--- Records shown ---

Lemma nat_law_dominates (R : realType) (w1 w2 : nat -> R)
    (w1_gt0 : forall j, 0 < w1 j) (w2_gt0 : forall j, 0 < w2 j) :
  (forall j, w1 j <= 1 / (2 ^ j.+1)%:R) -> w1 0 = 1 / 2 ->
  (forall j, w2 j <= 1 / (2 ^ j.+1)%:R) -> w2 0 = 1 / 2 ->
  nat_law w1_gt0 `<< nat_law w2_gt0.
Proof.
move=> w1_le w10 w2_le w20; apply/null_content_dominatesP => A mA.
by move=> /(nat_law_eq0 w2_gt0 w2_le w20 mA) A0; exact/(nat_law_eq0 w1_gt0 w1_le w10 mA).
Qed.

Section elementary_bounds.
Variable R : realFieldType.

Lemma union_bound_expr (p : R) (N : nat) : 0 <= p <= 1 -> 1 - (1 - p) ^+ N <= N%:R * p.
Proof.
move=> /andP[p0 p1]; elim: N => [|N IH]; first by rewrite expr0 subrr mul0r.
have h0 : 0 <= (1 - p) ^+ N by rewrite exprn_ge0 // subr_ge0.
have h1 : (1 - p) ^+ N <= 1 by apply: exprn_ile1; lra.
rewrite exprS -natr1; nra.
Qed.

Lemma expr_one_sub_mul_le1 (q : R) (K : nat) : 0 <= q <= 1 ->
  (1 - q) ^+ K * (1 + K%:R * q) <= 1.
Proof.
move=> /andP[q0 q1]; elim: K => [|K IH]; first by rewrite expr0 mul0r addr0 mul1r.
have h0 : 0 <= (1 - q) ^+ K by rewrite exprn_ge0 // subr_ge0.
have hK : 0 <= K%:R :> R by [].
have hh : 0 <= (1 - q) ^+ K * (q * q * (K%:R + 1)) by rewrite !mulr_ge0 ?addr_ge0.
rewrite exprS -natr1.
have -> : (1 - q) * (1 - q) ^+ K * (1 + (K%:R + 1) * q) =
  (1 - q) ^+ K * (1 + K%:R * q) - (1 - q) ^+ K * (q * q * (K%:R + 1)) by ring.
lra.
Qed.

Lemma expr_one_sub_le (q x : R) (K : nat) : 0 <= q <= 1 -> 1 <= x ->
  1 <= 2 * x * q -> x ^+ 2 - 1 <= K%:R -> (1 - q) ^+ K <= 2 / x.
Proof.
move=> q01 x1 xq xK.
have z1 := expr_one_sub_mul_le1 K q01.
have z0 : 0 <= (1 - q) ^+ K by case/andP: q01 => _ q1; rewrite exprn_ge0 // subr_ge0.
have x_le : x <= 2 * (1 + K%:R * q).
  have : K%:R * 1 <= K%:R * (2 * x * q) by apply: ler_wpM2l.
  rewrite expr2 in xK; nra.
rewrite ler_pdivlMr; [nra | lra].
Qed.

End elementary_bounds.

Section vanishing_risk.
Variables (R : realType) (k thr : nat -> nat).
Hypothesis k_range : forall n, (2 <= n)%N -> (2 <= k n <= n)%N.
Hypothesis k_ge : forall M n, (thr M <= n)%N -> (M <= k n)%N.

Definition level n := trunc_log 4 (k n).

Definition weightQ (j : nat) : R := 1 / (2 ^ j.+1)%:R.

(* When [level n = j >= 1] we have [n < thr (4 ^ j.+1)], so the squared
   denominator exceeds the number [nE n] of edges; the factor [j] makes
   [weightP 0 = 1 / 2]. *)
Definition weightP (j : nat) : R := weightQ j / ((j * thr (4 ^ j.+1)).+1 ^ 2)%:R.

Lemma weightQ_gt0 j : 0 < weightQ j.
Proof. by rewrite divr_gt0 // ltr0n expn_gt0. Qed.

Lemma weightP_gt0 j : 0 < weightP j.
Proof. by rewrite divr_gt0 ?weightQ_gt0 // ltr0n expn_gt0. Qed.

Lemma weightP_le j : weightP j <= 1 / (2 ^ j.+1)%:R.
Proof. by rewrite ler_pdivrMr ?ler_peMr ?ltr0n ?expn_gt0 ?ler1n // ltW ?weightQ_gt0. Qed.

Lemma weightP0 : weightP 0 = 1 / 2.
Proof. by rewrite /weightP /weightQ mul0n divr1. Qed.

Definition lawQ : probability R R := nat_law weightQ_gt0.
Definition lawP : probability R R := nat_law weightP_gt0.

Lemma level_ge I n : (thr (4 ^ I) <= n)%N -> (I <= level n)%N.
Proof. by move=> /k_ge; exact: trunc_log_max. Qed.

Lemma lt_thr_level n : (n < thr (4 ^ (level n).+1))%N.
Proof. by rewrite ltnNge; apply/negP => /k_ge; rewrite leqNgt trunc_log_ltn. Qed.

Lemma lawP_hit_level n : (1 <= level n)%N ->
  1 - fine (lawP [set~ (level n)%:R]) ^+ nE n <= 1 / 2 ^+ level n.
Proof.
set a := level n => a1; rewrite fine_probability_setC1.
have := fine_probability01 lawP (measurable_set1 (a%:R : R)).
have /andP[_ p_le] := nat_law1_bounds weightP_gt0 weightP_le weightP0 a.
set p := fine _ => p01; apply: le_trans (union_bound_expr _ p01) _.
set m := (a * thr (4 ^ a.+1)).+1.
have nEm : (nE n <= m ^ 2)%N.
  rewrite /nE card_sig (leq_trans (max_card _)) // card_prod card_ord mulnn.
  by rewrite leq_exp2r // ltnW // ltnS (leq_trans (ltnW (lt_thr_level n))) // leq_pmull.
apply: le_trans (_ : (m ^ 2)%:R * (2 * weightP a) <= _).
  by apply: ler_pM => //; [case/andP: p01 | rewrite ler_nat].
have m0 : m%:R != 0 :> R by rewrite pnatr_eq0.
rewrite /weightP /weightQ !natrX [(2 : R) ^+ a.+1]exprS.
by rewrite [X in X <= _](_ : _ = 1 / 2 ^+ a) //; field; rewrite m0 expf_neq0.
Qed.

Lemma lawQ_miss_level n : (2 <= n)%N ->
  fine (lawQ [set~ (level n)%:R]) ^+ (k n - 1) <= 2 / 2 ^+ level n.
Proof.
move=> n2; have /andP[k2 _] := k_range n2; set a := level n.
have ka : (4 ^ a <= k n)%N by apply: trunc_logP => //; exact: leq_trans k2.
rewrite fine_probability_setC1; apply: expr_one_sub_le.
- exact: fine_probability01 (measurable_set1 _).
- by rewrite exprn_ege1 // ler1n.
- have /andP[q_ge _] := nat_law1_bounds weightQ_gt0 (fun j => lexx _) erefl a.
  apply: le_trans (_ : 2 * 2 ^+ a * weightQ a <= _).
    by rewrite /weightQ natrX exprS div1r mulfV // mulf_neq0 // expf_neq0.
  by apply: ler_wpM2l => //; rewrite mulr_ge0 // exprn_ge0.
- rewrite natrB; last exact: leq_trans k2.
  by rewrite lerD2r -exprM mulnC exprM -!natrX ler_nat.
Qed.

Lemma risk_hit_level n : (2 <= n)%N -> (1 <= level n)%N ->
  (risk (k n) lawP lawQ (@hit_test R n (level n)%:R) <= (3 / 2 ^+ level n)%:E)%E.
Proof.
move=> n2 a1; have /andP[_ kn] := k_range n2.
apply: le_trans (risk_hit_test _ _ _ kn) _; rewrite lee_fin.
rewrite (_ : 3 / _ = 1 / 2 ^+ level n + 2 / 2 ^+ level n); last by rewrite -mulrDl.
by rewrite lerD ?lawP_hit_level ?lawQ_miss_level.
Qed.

--- Exercise directions ---
When the line with "Lemma expr_one_sub_mul_le1 (q" is reached in the data above, begin copying, and stop after the line with "Definition weightQ (j"; copy each line exactly, both ends included.

--- Reply ---
Lemma expr_one_sub_mul_le1 (q : R) (K : nat) : 0 <= q <= 1 ->
  (1 - q) ^+ K * (1 + K%:R * q) <= 1.
Proof.
move=> /andP[q0 q1]; elim: K => [|K IH]; first by rewrite expr0 mul0r addr0 mul1r.
have h0 : 0 <= (1 - q) ^+ K by rewrite exprn_ge0 // subr_ge0.
have hK : 0 <= K%:R :> R by [].
have hh : 0 <= (1 - q) ^+ K * (q * q * (K%:R + 1)) by rewrite !mulr_ge0 ?addr_ge0.
rewrite exprS -natr1.
have -> : (1 - q) * (1 - q) ^+ K * (1 + (K%:R + 1) * q) =
  (1 - q) ^+ K * (1 + K%:R * q) - (1 - q) ^+ K * (q * q * (K%:R + 1)) by ring.
lra.
Qed.

Lemma expr_one_sub_le (q x : R) (K : nat) : 0 <= q <= 1 -> 1 <= x ->
  1 <= 2 * x * q -> x ^+ 2 - 1 <= K%:R -> (1 - q) ^+ K <= 2 / x.
Proof.
move=> q01 x1 xq xK.
have z1 := expr_one_sub_mul_le1 K q01.
have z0 : 0 <= (1 - q) ^+ K by case/andP: q01 => _ q1; rewrite exprn_ge0 // subr_ge0.
have x_le : x <= 2 * (1 + K%:R * q).
  have : K%:R * 1 <= K%:R * (2 * x * q) by apply: ler_wpM2l.
  rewrite expr2 in xK; nra.
rewrite ler_pdivlMr; [nra | lra].
Qed.

End elementary_bounds.

Section vanishing_risk.
Variables (R : realType) (k thr : nat -> nat).
Hypothesis k_range : forall n, (2 <= n)%N -> (2 <= k n <= n)%N.
Hypothesis k_ge : forall M n, (thr M <= n)%N -> (M <= k n)%N.

Definition level n := trunc_log 4 (k n).

Definition weightQ (j : nat) : R := 1 / (2 ^ j.+1)%:R.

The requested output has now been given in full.